### Activity
Every line in the records below between the one holding "rewrite Hx in CS. exact CS." and the one holding "assert (0 <= r * (alpha", inclusive, is to be set down exactly; all other lines are to be left out.

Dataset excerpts
+---+
Lemma sqdist_antipode z x alpha n : sqdist x z = alpha ^ 2 -> dot n n = 1 ->
  sqdist x (shift z alpha n) = 2 * alpha * (alpha - dot (psub x z) n).
Proof.
  intros Hx Hn.
  replace (sqdist x (shift z alpha n))
    with (sqdist x z - 2 * alpha * dot (psub x z) n + alpha ^ 2 * dot n n)
    by (destruct z, x, n; unfold sqdist, shift, dot, psub; simpl; ring).
  rewrite Hx, Hn. ring.
Qed.

Lemma sqdist_sphere z alpha x : sphere z alpha x -> sqdist x z = alpha ^ 2.
Proof. intros Hx. rewrite <- edist_sq. unfold sphere in Hx. rewrite Hx. reflexivity. Qed.

Lemma dot_sphere_bound z alpha x n : sphere z alpha x -> dot n n = 1 ->
  - alpha <= dot (psub x z) n <= alpha.
Proof.
  intros Hx Hn. apply Rabs_le_between. pose proof (cauchy_schwarz (psub x z) n) as CS.
  rewrite (enorm_unit n Hn), Rmult_1_r in CS. unfold sphere in Hx. unfold edist in Hx.
  rewrite Hx in CS. exact CS.
Qed.

Lemma cap_gap_bound r alpha d mu c : 0 < r -> 0 < alpha -> alpha / 2 <= d <= mu * alpha ->
  mu <= 1 -> (d + r) ^ 2 <= (mu * alpha) ^ 2 + 2 * r * mu * c + r ^ 2 ->
  2 * alpha * (alpha - c) <= cap_const r alpha * (alpha - d).
Proof.
  intros Hr Ha Hd Hmu Hgap.
  assert (Hmu2 : 1 / 2 <= mu) by nra.
  assert (Hma : mu * alpha <= alpha) by nra.
  assert (H1 : 2 * r * mu * (alpha - c) <= 2 * (r + alpha) * (alpha - d)).
  { assert (0 <= (mu * alpha - d) * (2 * alpha - mu * alpha - d)) by (apply Rmult_le_pos; lra).
    assert (0 <= r * (alpha - mu * alpha)) by (apply Rmult_le_pos; lra). nra. }
  assert (H2 : r * (alpha - c) <= 2 * (r + alpha) * (alpha - d)).
  { destruct (Rle_lt_dec c alpha).
    - assert (0 <= r * (2 * mu - 1) * (alpha - c)) by (apply Rmult_le_pos; [apply Rmult_le_pos |]; lra).
      nra.
    - assert (0 <= (r + alpha) * (alpha - d)) by (apply Rmult_le_pos; lra). nra. }
  unfold cap_const. apply Rmult_le_reg_l with r; [lra |].
  replace (r * (4 * alpha * (r + alpha) / r * (alpha - d)))
    with (2 * alpha * (2 * (r + alpha) * (alpha - d))) by (field; lra).
  nra.
Qed.

Lemma radial_crossing_exists r alpha d S z x : 0 < r -> 0 < alpha -> alpha / 2 <= d ->
  rolling r S -> rolling r (compl S) -> ~ S z -> (forall y, S y -> d <= edist z y) ->
  sphere z alpha x -> S x -> exists mu n, radial_crossing r alpha d S z x mu n.
Proof.
  intros Hr Ha Hd HS HC Hz Hfar Hx HSx.
  destruct (boundary_on_segment S z x Hz HSx) as [mu [Hmu Hb]].
  destruct (rolling_normal_exists r S _ Hr HS HC Hb) as [n Hnormal].
  exists mu, n. pose proof Hnormal as [Hn [_ In]].
  assert (Hzp : edist z (lerp z x mu) = mu * alpha).
  { rewrite <- (lerp0 z x) at 1. rewrite edist_lerp, Rabs_left1, edist_sym, Hx by lra. ring. }
  assert (Hdmu : d <= mu * alpha) by (rewrite <- Hzp; apply (edist_boundary_ge S); auto).
  do 3 (split; auto).
  (* the inner tangent ball lies in [S], hence outside [B(z, d)] *)
  assert (Hin : d + r <= edist z (shift (lerp z x mu) r n)).
  { apply disjoint_balls_far; [lra | lra |]. intros y Y1 Y2.
    pose proof (Hfar y (In y Y2)). unfold oball in Y1. rewrite edist_sym in Y1. lra. }
  apply sq_le_sqdist in Hin; [| lra].
  apply sqdist_sphere in Hx. rewrite (sqdist_antipode z x alpha n Hx Hn).
  replace (sqdist z (shift (lerp z x mu) r n))
    with (mu ^ 2 * sqdist x z + 2 * r * mu * dot (psub x z) n + r ^ 2 * dot n n) in Hin
    by (destruct z, x, n; unfold sqdist, shift, lerp, dot, psub; simpl; ring).
  rewrite Hx, Hn in Hin.
  apply (cap_gap_bound r alpha d mu); [lra | lra | lra | lra | nra].
Qed.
+---+
### Exercise result
  rewrite Hx in CS. exact CS.
Qed.

Lemma cap_gap_bound r alpha d mu c : 0 < r -> 0 < alpha -> alpha / 2 <= d <= mu * alpha ->
  mu <= 1 -> (d + r) ^ 2 <= (mu * alpha) ^ 2 + 2 * r * mu * c + r ^ 2 ->
  2 * alpha * (alpha - c) <= cap_const r alpha * (alpha - d).
Proof.
  intros Hr Ha Hd Hmu Hgap.
  assert (Hmu2 : 1 / 2 <= mu) by nra.
  assert (Hma : mu * alpha <= alpha) by nra.
  assert (H1 : 2 * r * mu * (alpha - c) <= 2 * (r + alpha) * (alpha - d)).
  { assert (0 <= (mu * alpha - d) * (2 * alpha - mu * alpha - d)) by (apply Rmult_le_pos; lra).
    assert (0 <= r * (alpha - mu * alpha)) by (apply Rmult_le_pos; lra). nra. }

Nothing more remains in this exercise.